**Recorded information**
(* Let $\Sigma$ be a first-order signature not containing the constant symbols $a,b$, and let $\alpha$ be a first-order (classical) sentence in $\Sigma$. Consider formulas over $\Sigma\cup\{a,b\}$ with $a,b$ non-rigid constants, and let $\eta := \big(\mathrm{dep}(a,b)\wedge \mathrm{dep}(b,a)\wedge \exists^{\mathsf i}x\,(x\neq b)\big)\to \exists^{\mathsf i}x\,(x\neq a)$, $\theta:=\exists^{\mathsf i}x\,\exists^{\mathsf i}y\,\neg(x=a\wedge y=b)$, and $\rho:=\forall x\forall y\,?(x=y)$. The following are equivalent: (1) $\alpha$ is finitely valid in first-order logic, i.e. true in every finite $\Sigma$-structure; (2) $\eta\to(\alpha\mathbin{\vee\!\!\!\vee}\theta)$ is id-valid in InqBQ; (3) $(\rho\wedge\eta)\to(\alpha\mathbin{\vee\!\!\!\vee}\theta)$ is valid in InqBQ.
   Context: Inquisitive first-order logic InqBQ. A signature consists of predicate symbols and function symbols, each with an arity; function symbols are either rigid or non-rigid, and function symbols of arity $0$ are constant symbols. Terms are built from variables and function symbols as usual. Formulas are given by $\phi ::= P(t_1,\dots,t_n)\mid (t=t')\mid \bot\mid (\phi\wedge\phi)\mid(\phi\mathbin{\vee\!\!\!\vee}\phi)\mid(\phi\to\phi)\mid\forall x\phi\mid\exists^{\mathsf i}x\phi$, where $\mathbin{\vee\!\!\!\vee}$ is inquisitive disjunction and $\exists^{\mathsf i}$ is the inquisitive existential quantifier. Abbreviations: $\neg\phi:=\phi\to\bot$, $(t\neq t'):=\neg(t=t')$, $?\phi:=\phi\mathbin{\vee\!\!\!\vee}\neg\phi$; classical $\vee,\exists$ are $\neg(\neg\phi\wedge\neg\psi)$ and $\neg\forall x\neg\phi$. Formulas without $\mathbin{\vee\!\!\!\vee}$ and $\exists^{\mathsf i}$ are called classical; these are identified with ordinary first-order formulas. A first-order information model is $M=(W,D,I,\sim)$ with $W$ a non-empty set of worlds, $D$ a non-empty domain, $I$ assigning to each world $w$ an interpretation $I_w$ giving each $n$-ary predicate $P$ a relation $P_w\subseteq D^n$ and each $n$-ary function symbol $f$ a function $f_w:D^n\to D$ (rigid symbols get the same interpretation at every world), and $\sim$ assigning to each world $w$ an equivalence relation $\sim_w$ on $D$ that is a congruence for all $P_w$ and $f_w$. An id-model is one where every $\sim_w$ is the identity on $D$. Term values $[t]^g_w$ are defined as usual. Support at a state $s\subseteq W$ under assignment $g$: $M,s\models_g P(t_1,\dots,t_n)$ iff $([t_1]^g_w,\dots,[t_n]^g_w)\in P_w$ for all $w\in s$; $M,s\models_g t=t'$ iff $[t]^g_w\sim_w[t']^g_w$ for all $w\in s$; $M,s\models_g\bot$ iff $s=\emptyset$; $\wedge$ is conjunction of support; $M,s\models_g\phi\mathbin{\vee\!\!\!\vee}\psi$ iff $M,s\models_g\phi$ or $M,s\models_g\psi$; $M,s\models_g\phi\to\psi$ iff for every $t\subseteq s$, $M,t\models_g\phi$ implies $M,t\models_g\psi$; $M,s\models_g\forall x\phi$ iff $M,s\models_{g[x\mapsto d]}\phi$ for all $d\in D$; $M,s\models_g\exists^{\mathsf i}x\phi$ iff $M,s\models_{g[x\mapsto d]}\phi$ for some $d\in D$. A formula is valid if it is supported in every model, state and assignment; id-valid if it is supported in every id-model, state and assignment. For a term $t$, $\lambda t:=\exists^{\mathsf i}x\,(x=t)$ with $x$ a variable not occurring in $t$, and $\mathrm{dep}(t,t'):=\lambda t\to\lambda t'$. *)

From Stdlib Require Import List Arith Fin RelationClasses.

**Task goal**
Word for word, transcribe all of the material.

**Written solution**
(* Let $\Sigma$ be a first-order signature not containing the constant symbols $a,b$, and let $\alpha$ be a first-order (classical) sentence in $\Sigma$. Consider formulas over $\Sigma\cup\{a,b\}$ with $a,b$ non-rigid constants, and let $\eta := \big(\mathrm{dep}(a,b)\wedge \mathrm{dep}(b,a)\wedge \exists^{\mathsf i}x\,(x\neq b)\big)\to \exists^{\mathsf i}x\,(x\neq a)$, $\theta:=\exists^{\mathsf i}x\,\exists^{\mathsf i}y\,\neg(x=a\wedge y=b)$, and $\rho:=\forall x\forall y\,?(x=y)$. The following are equivalent: (1) $\alpha$ is finitely valid in first-order logic, i.e. true in every finite $\Sigma$-structure; (2) $\eta\to(\alpha\mathbin{\vee\!\!\!\vee}\theta)$ is id-valid in InqBQ; (3) $(\rho\wedge\eta)\to(\alpha\mathbin{\vee\!\!\!\vee}\theta)$ is valid in InqBQ.
   Context: Inquisitive first-order logic InqBQ. A signature consists of predicate symbols and function symbols, each with an arity; function symbols are either rigid or non-rigid, and function symbols of arity $0$ are constant symbols. Terms are built from variables and function symbols as usual. Formulas are given by $\phi ::= P(t_1,\dots,t_n)\mid (t=t')\mid \bot\mid (\phi\wedge\phi)\mid(\phi\mathbin{\vee\!\!\!\vee}\phi)\mid(\phi\to\phi)\mid\forall x\phi\mid\exists^{\mathsf i}x\phi$, where $\mathbin{\vee\!\!\!\vee}$ is inquisitive disjunction and $\exists^{\mathsf i}$ is the inquisitive existential quantifier. Abbreviations: $\neg\phi:=\phi\to\bot$, $(t\neq t'):=\neg(t=t')$, $?\phi:=\phi\mathbin{\vee\!\!\!\vee}\neg\phi$; classical $\vee,\exists$ are $\neg(\neg\phi\wedge\neg\psi)$ and $\neg\forall x\neg\phi$. Formulas without $\mathbin{\vee\!\!\!\vee}$ and $\exists^{\mathsf i}$ are called classical; these are identified with ordinary first-order formulas. A first-order information model is $M=(W,D,I,\sim)$ with $W$ a non-empty set of worlds, $D$ a non-empty domain, $I$ assigning to each world $w$ an interpretation $I_w$ giving each $n$-ary predicate $P$ a relation $P_w\subseteq D^n$ and each $n$-ary function symbol $f$ a function $f_w:D^n\to D$ (rigid symbols get the same interpretation at every world), and $\sim$ assigning to each world $w$ an equivalence relation $\sim_w$ on $D$ that is a congruence for all $P_w$ and $f_w$. An id-model is one where every $\sim_w$ is the identity on $D$. Term values $[t]^g_w$ are defined as usual. Support at a state $s\subseteq W$ under assignment $g$: $M,s\models_g P(t_1,\dots,t_n)$ iff $([t_1]^g_w,\dots,[t_n]^g_w)\in P_w$ for all $w\in s$; $M,s\models_g t=t'$ iff $[t]^g_w\sim_w[t']^g_w$ for all $w\in s$; $M,s\models_g\bot$ iff $s=\emptyset$; $\wedge$ is conjunction of support; $M,s\models_g\phi\mathbin{\vee\!\!\!\vee}\psi$ iff $M,s\models_g\phi$ or $M,s\models_g\psi$; $M,s\models_g\phi\to\psi$ iff for every $t\subseteq s$, $M,t\models_g\phi$ implies $M,t\models_g\psi$; $M,s\models_g\forall x\phi$ iff $M,s\models_{g[x\mapsto d]}\phi$ for all $d\in D$; $M,s\models_g\exists^{\mathsf i}x\phi$ iff $M,s\models_{g[x\mapsto d]}\phi$ for some $d\in D$. A formula is valid if it is supported in every model, state and assignment; id-valid if it is supported in every id-model, state and assignment. For a term $t$, $\lambda t:=\exists^{\mathsf i}x\,(x=t)$ with $x$ a variable not occurring in $t$, and $\mathrm{dep}(t,t'):=\lambda t\to\lambda t'$. *)

From Stdlib Require Import List Arith Fin RelationClasses.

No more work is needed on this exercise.